What is the best way to share things like API keys among a team of developers, anyway? I'm surprised this hasn't been solved already (perhaps it has and I just don't know about it). I know you can share passwords with tools like LastPass and 1Password, and I suppose you could use those for API keys as well?

It'd be nice if you could, e.g., include a gem in a Rails project, get a single key/password/token from one of the team members on that project, and use that w/ a third party API to set all the requisite API keys for all the third party services used on a project. You could also rotate the master password when team members leave the group.

6 comments

FWIW, Amazon proactively scans GitHub for AWS key leaks, notifies the account holder, and flags the account (they will disable the account if they start seeing active abuse and can't get in touch with the actual owner to get keys rotated). So any keys you find are going to get invalidated in short order.

They're also pretty good about forgiving the charges for the fraudulent use.

> What is the best way to share things like API keys among a team of developers, anyway? I'm surprised this hasn't been solved already (perhaps it has and I just don't know about it). I know you can share passwords with tools like LastPass and 1Password, and I suppose you could use those for API keys as well?

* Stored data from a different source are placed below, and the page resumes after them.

Lemma base_config_succ_left j : (j.+1.*2.+1 < n)%N -> base_config j <= base_config j.+1.
Proof.
have /andP[r0 r1] := rho_range.
move=> h; rewrite !base_config_left //; last by lia.
rewrite {1}/lower_profile; case: eqP => [_|j0].
  by have /andP[] := lower_profile_bounds h.
rewrite /lower_profile /= (_ : n./2 - j = (n./2 - j.+1).+1)%N; last by lia.
have /andP[e0 _] := rho_expn01 (n./2 - j.+1).
by rewrite exprS ler_piMl //; lra.
Qed.

Lemma base_config_succ j : (j.+1 < n)%N -> base_config j <= base_config j.+1.
Proof.
have /andP[r0 r1] := rho_range.
move=> lt; have [h|h] := boolP (j.+1.*2.+1 < n)%N; first exact: base_config_succ_left.
have /andP[up _] := base_config_upper_half lt h.
have [h'|h'] := boolP (j.*2.+1 < n)%N.
  by rewrite base_config_left //; have /andP[_] := lower_profile_bounds h'; lra.
have [e|ne] := eqVneq j.*2.+1 n; first by rewrite /base_config (negbTE h') e eqxx.
have ge : (n <= j.*2)%N by move: h' ne; rewrite -leqNgt leq_eqVlt eq_sym => /orP[->|].
have h2 : ((n.-1 - j.+1).+1.*2.+1 < n)%N by lia.
have := base_config_succ_left h2.
rewrite (_ : (n.-1 - j.+1).+1 = n.-1 - j)%N; last by lia.
by rewrite !base_config_sym //; [lra | lia].
Qed.

Lemma base_config_sorted : sorted_on n base_config.
Proof.
move=> i j ij jn; elim: j ij jn => [|j IH] ij jn; first by have -> : i = 0%N by lia.
have [->|lt] := eqVneq i j.+1; first exact: lexx.
by apply: le_trans (IH _ _) (base_config_succ _); lia.
Qed.

Lemma base_gap_bounds : 0 < base_gap <= rho.
Proof.
have /andP[r0 r1] := rho_range.
rewrite /base_gap (_ : n./2 = (n./2).-1.+1)%N; last by lia.
have /andP[_ e1] := rho_expn01 (n./2).-1.
by rewrite exprS mulr_gt0 ?exprn_gt0 //= -[leRHS]mulr1 ler_pM2l.
Qed.

Lemma base_config_shift j : (j.*2.+1 < n)%N -> rho * base_config j.+1 <= rho ^+ (n./2 - j).
Proof.
have /andP[r0 r1] := rho_range.
move=> h; have [h'|h'] := boolP (j.+1.*2.+1 < n)%N.
  rewrite base_config_left // /lower_profile /= -exprS.
  by rewrite (_ : (n./2 - j.+1).+1 = n./2 - j)%N; last by lia.
rewrite (_ : n./2 - j = 1)%N; last by lia.
have /andP[_ X1] : 0 <= base_config j.+1 <= 1 by apply: base_config_bounds; lia.
by rewrite expr1 -[leRHS]mulr1 ler_pM2l.
Qed.

Lemma base_config_lower j : (j < n)%N ->
  rho * base_config (minn j.+1 n.-1) <= base_gap + (1 - 2 * base_gap) * base_config j.
Proof.
have /andP[r0 r1] := rho_range; have /andP[b0 b1] := base_gap_bounds.
move=> lt; have [e|ne] := eqVneq j n.-1.
  rewrite e (_ : minn n.-1.+1 n.-1 = n.-1); last by lia.
  by rewrite base_config_last; lra.
rewrite (_ : minn j.+1 n.-1 = j.+1); last by lia.
have /andP[_ X1] : 0 <= base_config j.+1 <= 1 by apply: base_config_bounds; lia.
have rX1 : rho * base_config j.+1 <= rho by rewrite -[leRHS]mulr1 ler_pM2l.
have [h|h] := boolP (j.*2.+1 < n)%N; last first.
  have /andP[Xj _] := base_config_upper_half lt h.
  have g0 : 0 <= 1 - 2 * base_gap by lra.
  have := ler_wpM2l g0 Xj; lra.
apply: le_trans (base_config_shift h) _.
rewrite base_config_left //; have /andP[L0 L1] := lower_profile_bounds h.
rewrite /lower_profile in L0 L1 *; case: eqP L0 L1 => [->|_] L0 L1.
  by rewrite subn0 mulr0 addr0.
have L2 : rho ^+ (n./2 - j) <= 2^-1 by lra.
have := ler_wpM2l (ltW b0) L2; lra.
Qed.

Lemma twist_step_base : twist_step n 1 rho base_config [:: (0%N, n.-1)]
  (rescale base_gap (1 - 2 * base_gap) base_config).
Proof.
have /andP[r0 r1] := rho_range; have /andP[b0 b1] := base_gap_bounds.
split; [exact: base_config_sorted | | by apply: interval_partition_full; lia |].
  by apply: sorted_on_rescale base_config_sorted; lra.
move=> bl i; rewrite inE => /eqP -> /= hi.
rewrite base_config0 base_config_last /rescale; split.
  by rewrite mulr0 add0r; apply: base_config_lower; lia.
set j := (n.-1 - i)%N; have ij : i = (n.-1 - j)%N by rewrite /j; lia.
have jn : (j < n)%N by rewrite /j; lia.
have := base_config_lower jn; rewrite ij base_config_sym; last by lia.
rewrite (_ : maxn (n.-1 - j).-1 0 = n.-1 - minn j.+1 n.-1)%N; last by lia.
by rewrite base_config_sym; [lra | lia].
Qed.

End BaseConfiguration.

Lemma attainable_base (R : realType) (rho s : R) n : 0 < rho <= 4^-1 -> (1 < n)%N ->
  0 < s -> s * (2 * base_gap rho n) <= 2^-1 ->
  attainable n 1 rho s (expR (-2) / (2 * s * (2 * base_gap rho n))).
Proof.
move=> /andP[r0 r1] n_gt1 s0 sb.
have rho_range : 0 < rho <= 2^-1 by apply/andP; split; lra.
have /andP[b0 b1] := base_gap_bounds rho_range n_gt1.
have sX := base_config_sorted rho_range n_gt1.
have X0 := base_config0 rho n_gt1; have X1 := base_config_last rho_range n_gt1.
have step := twist_step_base rho_range n_gt1.
have phase : self_similar n 1 rho s (base_config rho n) (1 - 2 * base_gap rho n) 1.
  move=> a D D0; exists (a + D * base_gap rho n), (D * (1 - 2 * base_gap rho n)).
  split; first by rewrite mulrC.
  have := twist_run_step s (twist_step_rescale a D0 step); rewrite rescale_comp.
  have [_ _ pB _] := step; rewrite (step_energy_rescale s a (ltW D0) sX pB).
  by rewrite /step_energy big_seq1 /= X1 X0 subr0 powR1.
rewrite -[X in attainable _ _ _ _ X]mulr1.
apply: (attainable_self_similar (ltnW n_gt1) (ltn0Sn 0) _ sX X0 X1 _ s0 sb ler01 phase).
  by apply/andP; split; lra.
by apply/andP; split; lra.
Qed.

Definition twist_const {R : realType} : R := expR (-3) / 6.

Lemma twist_const_gt0 (R : realType) : 0 < twist_const :> R.
Proof. by rewrite divr_gt0 ?expR_gt0. Qed.

Lemma twist_const_base (R : realType) (s b : R) : 0 < s -> 0 < b ->
  twist_const / s * b^-1 <= expR (-2) / (2 * s * (2 * b)).
Proof.
move=> s0 b0.
have -> : twist_const / s * b^-1 = expR (-3) / 6 * (s * b)^-1.
  by rewrite /twist_const; field; rewrite !gt_eqF.
have -> : expR (-2) / (2 * s * (2 * b)) = expR (-2) / 4 * (s * b)^-1.
  by field; rewrite !gt_eqF.
rewrite ler_pM2r ?invr_gt0 ?mulr_gt0 //.
have : expR (-3) <= expR (-2) :> R by rewrite ler_expR; lra.
have := expR_gt0 (-3 : R); lra.
Qed.

(* The scale factor [(2 rho)^s] costs at most a factor [e], since [s ln (1/rho) <= 1]. *)
Lemma twist_const_step (R : realType) (rho s : R) : 0 < rho <= 2^-1 -> 0 < s ->
  s * ln rho^-1 <= 1 ->
  twist_const / s * rho^-1 <= expR (-2) / (2 * s * (3 * rho)) * (2 * rho) `^ s.
Proof.
move=> /andP[r0 r1] s0 sl.
have e1 : expR (-1) <= (2 * rho) `^ s.
  apply: le_trans (ge0_ler_powR2 (ltW s0) (ltW r0) (_ : rho <= 2 * rho)) ; last by lra.
  rewrite /powR gt_eqF // ler_expR; rewrite lnV ?posrE // in sl; lra.
have -> : twist_const / s * rho^-1 = expR (-2) * expR (-1) * (6 * s * rho)^-1.
  rewrite /twist_const (_ : -3 = -2 + -1) ?expRD; last by lra.
  by field; rewrite !gt_eqF.
have -> : expR (-2) / (2 * s * (3 * rho)) * (2 * rho) `^ s =
          expR (-2) * (2 * rho) `^ s * (6 * s * rho)^-1.
  by field; rewrite !gt_eqF.
by rewrite ler_pM2r ?invr_gt0 ?mulr_gt0 // ler_pM2l ?expR_gt0.
Qed.

Lemma attainable_lower_bound (R : realType) (rho s : R) :
  0 < rho <= 8^-1 -> 0 < s -> s * ln rho^-1 <= 1 -> forall m n, (0 < m < n)%N ->
  attainable n m rho s ((twist_const / s) ^+ m * rho^-1 ^+ ((n + m - 1)./2)).
Proof.
move=> /andP[r0 r1] s0 sl.
have s3 : s * (3 * rho) <= 2^-1.
  have : 1 - rho <= ln rho^-1.
    by rewrite lnV ?posrE //; have := ln_le_subr1 r0; lra.
  have r3 : 3 * rho <= 3 / 8 by lra.
  have := ler_wpM2l (ltW s0) r3; nra.
have rho_small : 0 < rho <= 6^-1 by apply/andP; split; lra.
have rho_half : 0 < rho <= 2^-1 by apply/andP; split; lra.
elim=> [|m IH] n /andP[_ mn] //.
have [m0|m_gt0] := posnP m.
  have n1 : (1 < n)%N by rewrite -m0.
  have /andP[b0 b1] := base_gap_bounds rho_half n1.
  rewrite m0 expr1 addn1 subn1 /= exprVn.
  apply: attainable_weaken (attainable_base _ n1 s0 _) (twist_const_base s0 b0).
    by apply/andP; split; lra.
  have b3 : 2 * base_gap rho n <= 3 * rho by lra.
  by have := ler_wpM2l (ltW s0) b3; lra.
case: n mn => [//|n] mn.
have /IH IHn : (0 < m < n)%N by rewrite m_gt0.
set E := _ * _ in IHn.
have E0 : 0 <= E by rewrite mulr_ge0 ?exprn_ge0 ?divr_ge0 ?invr_ge0 ?ltW ?twist_const_gt0.
apply: attainable_weaken (attainable_step _ rho_small s0 s3 E0 IHn) _; first by lia.
rewrite (_ : (n.+1 + m.+1 - 1)./2 = ((n + m - 1)./2).+1)%N; last by lia.
rewrite !exprS mulrACA -/E mulrA ler_wpM2r //.
by apply: twist_const_step s0 sl; apply/andP; split; lra.
Qed.

Theorem theorem7 (R : realType) :
  exists (c rho0 : R), 0 < c /\ 0 < rho0 <= 2^-1 /\
  forall (rho : R) (n m : nat) (s : R),
    0 < rho <= rho0 -> (2 <= n)%N -> (1 <= m <= n - 1)%N ->
    0 < s <= (m%:R * ln (rho^-1))^-1 ->
    (((c / s) ^+ m * (rho^-1) ^+ ((n + m - 1)./2))%:E
       <= twist_energy_sup n m rho s)%E.
Proof.
exists twist_const, 8^-1; split; first exact: twist_const_gt0.
split; first by apply/andP; split; lra.
move=> rho n m s rho_range n2 /andP[m1 mn] /andP[s0 sm].
have /andP[r0 r1] := rho_range.
have L0 : 0 < ln rho^-1 by rewrite ln_gt0 // invf_gt1 //; lra.
have mL : 0 < m%:R * ln rho^-1 by rewrite mulr_gt0 // ltr0n.
have sl : s * ln rho^-1 <= 1.
  have := ler_wpM2r (ltW mL) sm; rewrite mulVf ?gt_eqF // => smL.
  apply: le_trans smL; rewrite mulrCA -[leLHS]mul1r.
  by apply: ler_wpM2r; [exact: mulr_ge0 (ltW s0) (ltW L0) | rewrite ler1n].
have mn' : (0 < m < n)%N by lia.
have [S [p [sS S0 S1 run]]] := attainable_lower_bound rho_range s0 sl mn'.
exact: twist_energy_sup_ge_run (ltnW n2) m1 (sorted_on_unit sS S0 S1) run.
Qed.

Here, we have an IAM account for each dev. Permissions are basically read anything except a few sensitive things (billing, IAM), plus the write permissions we need as operators. We each have our own console login password, and keep our own access keys locally. It's pretty easy to add/remove accounts for new/departing devs, and the potential to individualize permissions is there.

I'm not sure if there are other ways, better or not... but blackbox[1] can be used to store secrets.

And it might be possible to achieve some success with git filters[2], at least to avoid pushing secrets into the repository.

Still... just my two cents, I'm not exactly a pro-user of those two features

[1](https://github.com/StackExchange/blackbox)

[2](https://stackoverflow.com/questions/6557467/can-git-ignore-a...)

If you decide to take the git filters approach, git-crypt[0] is a good choice.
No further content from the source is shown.